Stored data
:::

Lemma fmap_interp R : isF R -> forall k g1 g2 h h', env_ok g1 -> env_ok g2 ->
  (forall n, n <> k -> g1 n = g2 n) ->
  (forall d d', g1 k d d' -> g2 k (App h d) (App h' d')) ->
  (occ k true R -> forall x x', interp g1 R x x' ->
     interp g2 R (App (App (fmap k R) h) x) (App (App (fmap k R) h') x')) /\
  (occ k false R -> forall x x', interp g2 R x x' ->
     interp g1 R (App (App (fmap k R) h) x) (App (App (fmap k R) h') x')).
Proof.
  induction R as [n|A IHA B IHB|A IHA| | |]; cbn [isF occ negb];
    intros HF k g1 g2 h h' Hg1 Hg2 Hagree Hh; try contradiction.
  - pose proof (interp_Proper g1 (TVar n) Hg1); pose proof (interp_Proper g2 (TVar n) Hg2).
    destruct (Nat.eqb_spec n k) as [->|Hn]; split; intros Ho x x' Hx; try discriminate.
    + rewrite !beta_fmap_var; apply Hh, Hx.
    + rewrite !beta_fmap_var_neq by exact Hn; simpl; rewrite <- Hagree; assumption.
    + rewrite !beta_fmap_var_neq by exact Hn; simpl; rewrite Hagree; assumption.
  - destruct HF as [HA HB].
    destruct (IHA HA k g1 g2 h h' Hg1 Hg2 Hagree Hh) as [A1 A2].
    destruct (IHB HB k g1 g2 h h' Hg1 Hg2 Hagree Hh) as [B1 B2].
    pose proof (interp_Proper g1 B Hg1); pose proof (interp_Proper g2 B Hg2).
    split; intros [OA OB] x x' Hx; cbn [interp]; intros y y' Hy; rewrite !beta_fmap_arr.
    + apply B1, Hx, A2; assumption.
    + apply B2, Hx, A1; assumption.
  - split; intros Ho x x' Hx; cbn [interp]; intros q Hq.
    all: pose proof (env_ok_scons q g1 Hq Hg1) as Hq1.
    all: pose proof (env_ok_scons q g2 Hq Hg2) as Hq2.
    all: destruct (IHA HF (S k) _ _ h h' Hq1 Hq2) as [I1 I2];
           [intros [|n] Hn; simpl; auto with arith|exact Hh|].
    + pose proof (interp_Proper _ A Hq2); rewrite !beta_fmap_all.
      apply I1; [assumption|apply Hx, Hq].
    + pose proof (interp_Proper _ A Hq1); rewrite !beta_fmap_all.
      apply I2; [assumption|apply Hx, Hq].
Qed.

Lemma identity_extension R : isF R -> forall g,
  (forall n, occurs n R -> forall a b, g n a b <-> conv a b) ->
  (forallp true R -> forall x x', interp g R x x' -> conv x x') /\
  (forallp false R -> forall x x', conv x x' -> interp g R x x').
Proof.
  induction R as [n|A IHA B IHB|A IHA| | |]; cbn [isF occurs];
    intros HF g Hg; try contradiction.
  - split; intros _ x x'; apply Hg; reflexivity.
  - destruct HF as [HA HB].
    destruct (IHA HA g (fun n o => Hg n (or_introl o))) as [A1 A2].
    destruct (IHB HB g (fun n o => Hg n (or_intror o))) as [B1 B2].
    split; intros Hf x x' Hx; apply forallp_Arr_inv in Hf as [FA FB].
    + apply conv_ext; intros w; apply B1, Hx, A2; auto; reflexivity.
    + cbn [interp]; intros y y' Hy; apply B2; auto.
      rewrite Hx, (A1 FA y y' Hy); reflexivity.
  - split; intros Hf; apply forallp_All_inv in Hf as [Hp FA]; [|discriminate].
    intros x x' Hx; apply (IHA HF (scons conv g)).
    + intros [|n] Hn a b; simpl; [reflexivity|apply Hg, Hn].
    + assumption.
    + apply Hx, bclosed_conv.
Qed.

Definition graph (h : term) : rel := fun d d' => conv (App h d) d'.

Lemma bclosed_graph h : bclosed (graph h).
Proof. intros t1 t2 t1' t2' H H1 H2; unfold graph; rewrite H1, H2; exact H. Qed.

Lemma scons_conv_FV R g : (forall n, n <> 0 -> ~ occurs n R) ->
  forall n, occurs n R -> forall a b, scons conv g n a b <-> conv a b.
Proof. intros Hfv [|n] Hn a b; [reflexivity|]. exfalso; apply (Hfv (S n)); auto. Qed.

Lemma interp_graph R g h : isF R -> (forall n, n <> 0 -> ~ occurs n R) ->
  occ 0 true R -> forallp true R -> env_ok g ->
  forall x x', interp (scons (graph h) g) R x x' -> conv (App (App (fmap 0 R) h) x) x'.
Proof.
  intros HF Hfv Ho Hfa Hg x x' Hx.
  rewrite <- (fmap_I R HF 0 x').
  apply (identity_extension R HF (scons conv g) (scons_conv_FV R g Hfv)); [assumption|].
  apply (fmap_interp R HF 0 (scons (graph h) g) (scons conv g) h I);
    auto using env_ok_scons, bclosed_graph, bclosed_conv.
  - intros [|n] Hn; [contradiction|reflexivity].
  - intros d d' Hd; simpl; rewrite beta_I; exact Hd.
Qed.

Lemma Dind_sub_Dparam R g : isF R -> occ 0 true R -> env_ok g ->
  forall a a', interp g (Dind R) a a' -> interp g (Dparam R) a a'.
Proof.
  intros HF Ho Hg a a' Hind; unfold Dparam; cbn [interp scons].
  intros r Hr f f' Hf; pose proof (bclosed_Proper r Hr).
  set (s := fun d d' => r (App d f) (App d' f')).
  assert (Hs : bclosed s).
  { intros d1 d2 d1' d2' Hd H1 H2; unfold s; rewrite H1, H2; exact Hd. }
  apply (proj1 (interp_Dind g R a a' Hg) Hind s Hs); cbn [interp scons].
  intros x x' Hx; unfold s; rewrite !beta_inXR; apply Hf.
  apply (fmap_interp R HF 0 (scons s g) (scons r g)); auto using env_ok_scons.
  - intros [|n] Hn; [contradiction|reflexivity].
  - intros d d' Hd; simpl; rewrite !beta_fold; exact Hd.
Qed.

:::

--- What to work on ---
Among the records above, how many lines carry the string "false"? Reply with the number alone.

--- Finished exercise ---
2